§ **DATA EXTRACT**
——

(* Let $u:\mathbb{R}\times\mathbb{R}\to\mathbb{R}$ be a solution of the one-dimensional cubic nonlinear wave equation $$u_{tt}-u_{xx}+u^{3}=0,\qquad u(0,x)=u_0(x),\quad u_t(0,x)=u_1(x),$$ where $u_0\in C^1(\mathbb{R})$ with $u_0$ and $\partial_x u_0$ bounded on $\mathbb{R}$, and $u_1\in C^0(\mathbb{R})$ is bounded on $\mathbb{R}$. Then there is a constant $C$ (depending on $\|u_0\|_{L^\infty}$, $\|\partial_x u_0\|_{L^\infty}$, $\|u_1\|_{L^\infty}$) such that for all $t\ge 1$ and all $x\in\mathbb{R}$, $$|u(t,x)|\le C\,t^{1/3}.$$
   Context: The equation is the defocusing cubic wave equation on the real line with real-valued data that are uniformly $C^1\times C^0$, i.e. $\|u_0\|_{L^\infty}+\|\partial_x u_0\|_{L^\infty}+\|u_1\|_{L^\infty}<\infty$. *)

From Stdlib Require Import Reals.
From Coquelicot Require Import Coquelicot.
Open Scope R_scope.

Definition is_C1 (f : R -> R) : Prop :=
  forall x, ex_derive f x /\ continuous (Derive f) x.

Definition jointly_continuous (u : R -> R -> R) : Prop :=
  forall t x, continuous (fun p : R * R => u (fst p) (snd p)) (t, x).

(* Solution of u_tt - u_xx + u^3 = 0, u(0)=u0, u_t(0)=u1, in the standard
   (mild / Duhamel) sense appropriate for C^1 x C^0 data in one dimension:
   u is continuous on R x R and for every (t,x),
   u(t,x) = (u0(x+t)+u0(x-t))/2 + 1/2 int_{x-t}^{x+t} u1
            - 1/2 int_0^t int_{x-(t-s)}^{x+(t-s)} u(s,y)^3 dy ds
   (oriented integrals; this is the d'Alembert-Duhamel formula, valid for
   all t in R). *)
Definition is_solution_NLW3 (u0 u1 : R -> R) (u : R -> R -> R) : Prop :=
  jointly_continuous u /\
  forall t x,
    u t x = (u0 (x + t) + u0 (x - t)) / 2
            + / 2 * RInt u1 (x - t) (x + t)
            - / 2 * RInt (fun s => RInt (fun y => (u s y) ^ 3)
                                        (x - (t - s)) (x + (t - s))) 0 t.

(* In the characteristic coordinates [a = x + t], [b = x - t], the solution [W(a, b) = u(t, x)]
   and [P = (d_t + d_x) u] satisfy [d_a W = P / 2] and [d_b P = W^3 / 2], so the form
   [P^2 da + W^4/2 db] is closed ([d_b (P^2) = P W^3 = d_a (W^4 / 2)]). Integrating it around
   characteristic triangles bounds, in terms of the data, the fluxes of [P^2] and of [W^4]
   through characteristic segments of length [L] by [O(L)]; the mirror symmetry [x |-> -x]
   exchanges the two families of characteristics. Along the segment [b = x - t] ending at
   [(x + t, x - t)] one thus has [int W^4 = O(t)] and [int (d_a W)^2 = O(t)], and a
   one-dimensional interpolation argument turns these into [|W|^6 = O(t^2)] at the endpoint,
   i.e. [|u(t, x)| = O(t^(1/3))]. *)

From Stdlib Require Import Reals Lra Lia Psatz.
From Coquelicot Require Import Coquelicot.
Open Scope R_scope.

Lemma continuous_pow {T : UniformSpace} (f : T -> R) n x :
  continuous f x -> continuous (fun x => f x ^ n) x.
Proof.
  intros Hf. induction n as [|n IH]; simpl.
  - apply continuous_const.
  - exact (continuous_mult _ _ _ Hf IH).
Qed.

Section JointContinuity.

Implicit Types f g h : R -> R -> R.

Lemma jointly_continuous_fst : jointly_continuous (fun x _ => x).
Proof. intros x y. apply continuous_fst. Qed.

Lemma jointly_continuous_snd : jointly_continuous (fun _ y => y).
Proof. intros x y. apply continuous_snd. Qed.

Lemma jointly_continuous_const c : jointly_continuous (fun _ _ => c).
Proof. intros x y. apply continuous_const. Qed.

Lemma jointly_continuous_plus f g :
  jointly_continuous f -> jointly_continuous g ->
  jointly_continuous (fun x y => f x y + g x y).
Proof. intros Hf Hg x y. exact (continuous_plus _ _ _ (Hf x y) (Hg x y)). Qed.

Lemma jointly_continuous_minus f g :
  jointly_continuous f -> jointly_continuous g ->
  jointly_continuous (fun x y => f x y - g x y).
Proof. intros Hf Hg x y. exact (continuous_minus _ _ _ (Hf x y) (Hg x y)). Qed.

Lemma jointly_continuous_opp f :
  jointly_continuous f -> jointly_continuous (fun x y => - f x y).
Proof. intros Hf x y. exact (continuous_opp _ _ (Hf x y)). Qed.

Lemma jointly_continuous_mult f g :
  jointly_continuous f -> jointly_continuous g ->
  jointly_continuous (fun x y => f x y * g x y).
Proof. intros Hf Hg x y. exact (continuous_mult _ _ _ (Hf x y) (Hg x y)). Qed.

——

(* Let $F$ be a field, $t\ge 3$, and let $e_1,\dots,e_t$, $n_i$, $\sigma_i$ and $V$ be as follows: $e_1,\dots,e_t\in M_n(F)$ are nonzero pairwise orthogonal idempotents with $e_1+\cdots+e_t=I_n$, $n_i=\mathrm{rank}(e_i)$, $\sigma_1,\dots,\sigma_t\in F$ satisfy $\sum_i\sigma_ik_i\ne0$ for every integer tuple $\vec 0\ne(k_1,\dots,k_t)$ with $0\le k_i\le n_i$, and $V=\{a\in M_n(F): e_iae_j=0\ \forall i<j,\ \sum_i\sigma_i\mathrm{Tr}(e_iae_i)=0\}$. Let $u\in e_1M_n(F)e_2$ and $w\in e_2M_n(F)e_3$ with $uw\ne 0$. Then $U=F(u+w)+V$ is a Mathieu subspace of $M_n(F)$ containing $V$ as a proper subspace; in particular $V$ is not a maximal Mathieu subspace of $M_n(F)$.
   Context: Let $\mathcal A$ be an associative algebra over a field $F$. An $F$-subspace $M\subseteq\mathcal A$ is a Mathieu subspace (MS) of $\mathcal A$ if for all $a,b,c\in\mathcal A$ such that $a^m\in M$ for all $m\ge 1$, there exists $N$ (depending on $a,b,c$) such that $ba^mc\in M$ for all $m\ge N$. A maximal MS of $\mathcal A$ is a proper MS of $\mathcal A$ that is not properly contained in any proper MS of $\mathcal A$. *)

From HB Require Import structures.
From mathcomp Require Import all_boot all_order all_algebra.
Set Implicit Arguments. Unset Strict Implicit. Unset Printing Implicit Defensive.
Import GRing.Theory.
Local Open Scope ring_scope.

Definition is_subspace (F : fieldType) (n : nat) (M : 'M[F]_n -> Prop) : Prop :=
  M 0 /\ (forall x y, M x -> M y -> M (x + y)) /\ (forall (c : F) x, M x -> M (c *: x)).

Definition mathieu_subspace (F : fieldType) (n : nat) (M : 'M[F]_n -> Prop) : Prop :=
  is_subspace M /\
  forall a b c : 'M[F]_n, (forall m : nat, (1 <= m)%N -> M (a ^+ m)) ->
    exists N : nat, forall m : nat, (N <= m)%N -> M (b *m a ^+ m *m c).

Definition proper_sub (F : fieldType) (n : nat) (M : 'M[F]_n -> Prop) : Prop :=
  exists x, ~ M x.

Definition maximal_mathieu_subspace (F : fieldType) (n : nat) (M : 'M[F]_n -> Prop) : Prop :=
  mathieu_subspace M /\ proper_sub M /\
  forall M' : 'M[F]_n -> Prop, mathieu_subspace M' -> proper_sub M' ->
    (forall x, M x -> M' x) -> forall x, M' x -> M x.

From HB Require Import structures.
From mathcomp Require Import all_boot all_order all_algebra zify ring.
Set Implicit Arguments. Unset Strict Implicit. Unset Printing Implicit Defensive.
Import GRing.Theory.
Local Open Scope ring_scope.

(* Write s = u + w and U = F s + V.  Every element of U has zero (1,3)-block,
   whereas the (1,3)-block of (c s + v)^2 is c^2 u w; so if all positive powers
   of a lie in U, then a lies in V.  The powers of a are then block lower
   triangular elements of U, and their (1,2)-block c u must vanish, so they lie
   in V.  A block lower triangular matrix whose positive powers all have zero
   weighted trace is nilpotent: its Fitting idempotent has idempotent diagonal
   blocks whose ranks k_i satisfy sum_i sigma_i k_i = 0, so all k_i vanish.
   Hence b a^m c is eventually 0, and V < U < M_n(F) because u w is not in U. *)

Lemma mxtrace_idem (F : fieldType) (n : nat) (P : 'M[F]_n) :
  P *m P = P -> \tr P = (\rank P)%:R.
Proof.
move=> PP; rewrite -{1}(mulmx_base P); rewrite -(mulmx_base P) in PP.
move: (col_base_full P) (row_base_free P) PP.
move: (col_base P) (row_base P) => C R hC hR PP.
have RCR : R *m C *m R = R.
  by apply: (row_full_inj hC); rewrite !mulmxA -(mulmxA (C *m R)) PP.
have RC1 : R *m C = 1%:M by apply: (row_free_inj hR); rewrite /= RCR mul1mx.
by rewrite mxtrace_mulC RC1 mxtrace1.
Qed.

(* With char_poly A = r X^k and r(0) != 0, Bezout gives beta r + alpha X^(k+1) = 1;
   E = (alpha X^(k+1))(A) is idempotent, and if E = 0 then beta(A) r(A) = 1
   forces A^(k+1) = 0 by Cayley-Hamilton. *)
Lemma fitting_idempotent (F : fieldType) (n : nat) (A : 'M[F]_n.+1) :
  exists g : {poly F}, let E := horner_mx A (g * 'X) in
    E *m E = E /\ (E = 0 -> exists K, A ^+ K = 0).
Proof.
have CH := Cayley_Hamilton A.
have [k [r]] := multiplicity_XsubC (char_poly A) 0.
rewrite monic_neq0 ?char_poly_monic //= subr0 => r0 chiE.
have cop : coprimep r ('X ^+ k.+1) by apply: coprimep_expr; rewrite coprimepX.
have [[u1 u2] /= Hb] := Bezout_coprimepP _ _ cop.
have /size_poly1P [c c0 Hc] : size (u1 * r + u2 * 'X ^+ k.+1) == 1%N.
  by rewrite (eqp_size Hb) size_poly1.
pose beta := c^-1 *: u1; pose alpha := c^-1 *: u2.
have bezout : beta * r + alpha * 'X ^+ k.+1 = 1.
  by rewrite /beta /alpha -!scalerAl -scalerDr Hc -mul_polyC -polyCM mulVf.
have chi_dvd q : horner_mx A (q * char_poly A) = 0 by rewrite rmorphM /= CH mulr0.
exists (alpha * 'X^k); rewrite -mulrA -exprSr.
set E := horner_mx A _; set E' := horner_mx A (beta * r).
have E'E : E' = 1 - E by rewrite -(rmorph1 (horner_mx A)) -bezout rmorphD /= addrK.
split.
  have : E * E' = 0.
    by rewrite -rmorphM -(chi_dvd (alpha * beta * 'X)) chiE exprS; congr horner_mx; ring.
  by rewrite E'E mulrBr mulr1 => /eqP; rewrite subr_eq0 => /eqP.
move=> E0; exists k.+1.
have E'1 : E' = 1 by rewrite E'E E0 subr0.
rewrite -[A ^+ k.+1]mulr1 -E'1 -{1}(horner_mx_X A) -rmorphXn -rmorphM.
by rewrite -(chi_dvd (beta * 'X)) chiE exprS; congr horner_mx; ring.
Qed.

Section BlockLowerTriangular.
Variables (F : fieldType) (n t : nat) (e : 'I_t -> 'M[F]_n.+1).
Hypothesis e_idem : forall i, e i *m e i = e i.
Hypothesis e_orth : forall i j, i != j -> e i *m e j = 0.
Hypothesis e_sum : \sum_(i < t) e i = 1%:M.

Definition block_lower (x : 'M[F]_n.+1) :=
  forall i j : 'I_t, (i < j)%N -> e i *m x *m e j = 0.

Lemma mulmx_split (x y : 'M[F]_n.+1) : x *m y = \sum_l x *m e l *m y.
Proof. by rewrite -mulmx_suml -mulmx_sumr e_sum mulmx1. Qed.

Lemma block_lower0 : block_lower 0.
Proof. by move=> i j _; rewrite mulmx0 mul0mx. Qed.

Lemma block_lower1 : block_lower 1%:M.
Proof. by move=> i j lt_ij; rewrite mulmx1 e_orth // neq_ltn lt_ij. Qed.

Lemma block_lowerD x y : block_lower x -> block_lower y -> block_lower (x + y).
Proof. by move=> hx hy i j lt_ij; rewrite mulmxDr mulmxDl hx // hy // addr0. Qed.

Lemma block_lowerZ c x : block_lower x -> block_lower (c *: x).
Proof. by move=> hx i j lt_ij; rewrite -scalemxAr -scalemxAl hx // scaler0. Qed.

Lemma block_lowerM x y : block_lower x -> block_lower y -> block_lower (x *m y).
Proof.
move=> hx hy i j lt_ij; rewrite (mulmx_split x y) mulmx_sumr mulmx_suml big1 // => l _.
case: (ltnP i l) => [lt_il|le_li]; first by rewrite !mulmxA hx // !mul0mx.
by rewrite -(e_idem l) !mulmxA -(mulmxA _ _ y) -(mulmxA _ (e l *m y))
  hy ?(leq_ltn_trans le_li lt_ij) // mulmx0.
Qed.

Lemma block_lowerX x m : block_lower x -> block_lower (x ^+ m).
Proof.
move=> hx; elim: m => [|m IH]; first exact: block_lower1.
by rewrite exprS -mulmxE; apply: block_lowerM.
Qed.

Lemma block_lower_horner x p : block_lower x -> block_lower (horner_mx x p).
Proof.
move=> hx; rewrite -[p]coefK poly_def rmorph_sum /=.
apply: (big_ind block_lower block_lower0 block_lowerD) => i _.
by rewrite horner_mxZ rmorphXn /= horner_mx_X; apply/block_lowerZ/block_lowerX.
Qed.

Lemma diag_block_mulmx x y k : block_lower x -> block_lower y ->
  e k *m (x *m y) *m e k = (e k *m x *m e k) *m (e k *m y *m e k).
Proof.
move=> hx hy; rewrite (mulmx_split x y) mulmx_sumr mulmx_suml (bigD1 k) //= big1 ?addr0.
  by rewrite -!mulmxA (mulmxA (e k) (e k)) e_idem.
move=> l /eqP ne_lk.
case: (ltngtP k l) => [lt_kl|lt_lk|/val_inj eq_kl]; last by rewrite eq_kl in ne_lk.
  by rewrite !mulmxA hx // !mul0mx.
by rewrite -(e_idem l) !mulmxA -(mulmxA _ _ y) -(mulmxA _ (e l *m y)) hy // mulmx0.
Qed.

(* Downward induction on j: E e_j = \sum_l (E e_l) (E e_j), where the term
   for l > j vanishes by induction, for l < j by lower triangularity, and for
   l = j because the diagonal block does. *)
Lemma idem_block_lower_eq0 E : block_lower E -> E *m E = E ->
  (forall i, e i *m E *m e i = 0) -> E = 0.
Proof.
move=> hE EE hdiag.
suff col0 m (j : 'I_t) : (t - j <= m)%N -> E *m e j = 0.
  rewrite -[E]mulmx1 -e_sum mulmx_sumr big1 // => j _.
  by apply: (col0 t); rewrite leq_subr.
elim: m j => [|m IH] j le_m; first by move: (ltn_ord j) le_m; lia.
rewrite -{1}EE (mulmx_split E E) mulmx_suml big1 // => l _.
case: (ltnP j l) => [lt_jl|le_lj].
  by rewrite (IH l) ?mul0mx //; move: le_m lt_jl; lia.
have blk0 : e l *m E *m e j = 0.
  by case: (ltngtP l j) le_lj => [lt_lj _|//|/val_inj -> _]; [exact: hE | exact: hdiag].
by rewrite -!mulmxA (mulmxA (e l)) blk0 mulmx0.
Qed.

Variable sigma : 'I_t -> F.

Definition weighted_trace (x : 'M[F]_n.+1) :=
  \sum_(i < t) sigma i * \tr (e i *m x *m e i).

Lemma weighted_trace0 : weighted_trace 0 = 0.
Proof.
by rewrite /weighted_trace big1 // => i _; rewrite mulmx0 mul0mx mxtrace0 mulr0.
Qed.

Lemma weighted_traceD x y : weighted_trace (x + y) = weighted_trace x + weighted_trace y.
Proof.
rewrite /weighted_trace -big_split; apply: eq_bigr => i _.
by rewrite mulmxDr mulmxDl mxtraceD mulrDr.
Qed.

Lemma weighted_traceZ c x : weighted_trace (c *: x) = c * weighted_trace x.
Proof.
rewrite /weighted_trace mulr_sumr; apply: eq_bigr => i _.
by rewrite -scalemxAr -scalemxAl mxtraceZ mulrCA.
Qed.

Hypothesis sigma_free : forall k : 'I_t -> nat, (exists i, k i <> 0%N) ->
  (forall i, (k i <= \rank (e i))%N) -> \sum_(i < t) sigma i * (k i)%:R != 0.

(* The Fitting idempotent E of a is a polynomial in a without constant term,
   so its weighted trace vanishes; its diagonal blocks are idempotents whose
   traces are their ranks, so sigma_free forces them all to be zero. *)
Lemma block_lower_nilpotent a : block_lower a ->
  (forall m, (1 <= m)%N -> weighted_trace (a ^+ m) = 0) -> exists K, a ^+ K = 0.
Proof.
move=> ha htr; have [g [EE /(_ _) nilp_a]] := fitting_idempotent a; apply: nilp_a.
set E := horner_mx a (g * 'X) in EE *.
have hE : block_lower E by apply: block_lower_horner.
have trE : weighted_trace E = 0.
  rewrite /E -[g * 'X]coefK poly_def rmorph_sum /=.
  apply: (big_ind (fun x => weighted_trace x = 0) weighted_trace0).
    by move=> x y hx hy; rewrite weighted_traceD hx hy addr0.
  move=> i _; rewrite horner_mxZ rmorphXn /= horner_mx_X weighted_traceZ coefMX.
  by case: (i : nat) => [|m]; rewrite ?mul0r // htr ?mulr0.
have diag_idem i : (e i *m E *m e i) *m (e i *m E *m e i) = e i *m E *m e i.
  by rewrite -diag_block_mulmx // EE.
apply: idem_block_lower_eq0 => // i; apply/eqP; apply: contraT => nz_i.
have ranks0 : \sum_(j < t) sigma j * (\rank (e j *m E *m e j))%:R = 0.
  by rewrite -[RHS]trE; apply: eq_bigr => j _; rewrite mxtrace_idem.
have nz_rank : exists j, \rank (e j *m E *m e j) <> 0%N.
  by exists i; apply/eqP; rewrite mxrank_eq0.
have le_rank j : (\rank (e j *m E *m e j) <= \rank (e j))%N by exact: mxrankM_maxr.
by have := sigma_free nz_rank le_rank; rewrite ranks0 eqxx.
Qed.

——

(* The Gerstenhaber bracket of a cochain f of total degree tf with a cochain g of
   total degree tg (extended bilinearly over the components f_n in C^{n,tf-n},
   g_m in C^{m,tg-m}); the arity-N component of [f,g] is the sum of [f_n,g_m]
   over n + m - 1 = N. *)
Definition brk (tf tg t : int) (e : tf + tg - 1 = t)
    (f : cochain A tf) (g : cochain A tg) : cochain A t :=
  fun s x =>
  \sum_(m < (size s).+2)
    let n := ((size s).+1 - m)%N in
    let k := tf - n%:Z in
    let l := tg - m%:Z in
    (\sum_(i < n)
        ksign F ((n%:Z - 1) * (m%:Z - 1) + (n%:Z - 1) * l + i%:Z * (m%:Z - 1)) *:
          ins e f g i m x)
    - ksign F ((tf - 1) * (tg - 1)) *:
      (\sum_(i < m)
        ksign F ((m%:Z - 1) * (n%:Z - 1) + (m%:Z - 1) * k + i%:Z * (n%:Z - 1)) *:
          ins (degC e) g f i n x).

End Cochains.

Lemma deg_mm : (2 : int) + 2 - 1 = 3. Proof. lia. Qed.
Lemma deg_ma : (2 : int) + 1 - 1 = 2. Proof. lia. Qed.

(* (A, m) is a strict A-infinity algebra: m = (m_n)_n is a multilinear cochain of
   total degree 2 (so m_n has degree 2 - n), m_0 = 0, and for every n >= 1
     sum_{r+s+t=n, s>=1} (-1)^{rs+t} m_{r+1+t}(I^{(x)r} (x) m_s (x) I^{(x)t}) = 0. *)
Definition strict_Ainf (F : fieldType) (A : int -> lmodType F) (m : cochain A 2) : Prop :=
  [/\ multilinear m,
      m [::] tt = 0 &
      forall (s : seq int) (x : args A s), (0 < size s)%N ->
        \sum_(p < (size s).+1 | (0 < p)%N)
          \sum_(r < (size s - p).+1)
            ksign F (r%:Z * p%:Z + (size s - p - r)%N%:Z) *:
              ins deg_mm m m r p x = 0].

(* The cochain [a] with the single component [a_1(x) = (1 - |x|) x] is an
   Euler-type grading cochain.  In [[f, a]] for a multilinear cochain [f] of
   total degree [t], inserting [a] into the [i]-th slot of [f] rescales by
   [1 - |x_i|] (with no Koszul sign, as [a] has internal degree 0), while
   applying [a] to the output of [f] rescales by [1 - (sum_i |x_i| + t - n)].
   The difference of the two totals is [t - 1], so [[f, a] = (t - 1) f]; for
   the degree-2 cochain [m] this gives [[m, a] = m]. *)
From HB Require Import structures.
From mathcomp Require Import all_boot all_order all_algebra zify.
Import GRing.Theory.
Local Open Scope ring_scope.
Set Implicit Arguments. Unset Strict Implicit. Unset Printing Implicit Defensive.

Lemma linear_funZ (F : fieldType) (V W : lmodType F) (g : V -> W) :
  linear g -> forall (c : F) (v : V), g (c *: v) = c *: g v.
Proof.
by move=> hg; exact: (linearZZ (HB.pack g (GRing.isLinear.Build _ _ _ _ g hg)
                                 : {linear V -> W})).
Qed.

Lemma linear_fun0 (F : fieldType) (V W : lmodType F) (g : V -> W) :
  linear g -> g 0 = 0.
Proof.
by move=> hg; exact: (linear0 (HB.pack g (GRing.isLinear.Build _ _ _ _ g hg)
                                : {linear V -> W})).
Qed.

——

§ **REQUIREMENT**
Give an exact copy of the lines above from the line with "Proof. intros Hf x" up to and including the line with "Proof. intros Hf Hg x y. exact (continuous_mult", and leave everything else out.

§ **EXERCISE SOLUTION**
Proof. intros Hf x y. exact (continuous_opp _ _ (Hf x y)). Qed.

Lemma jointly_continuous_mult f g :
  jointly_continuous f -> jointly_continuous g ->
  jointly_continuous (fun x y => f x y * g x y).
Proof. intros Hf Hg x y. exact (continuous_mult _ _ _ (Hf x y) (Hg x y)). Qed.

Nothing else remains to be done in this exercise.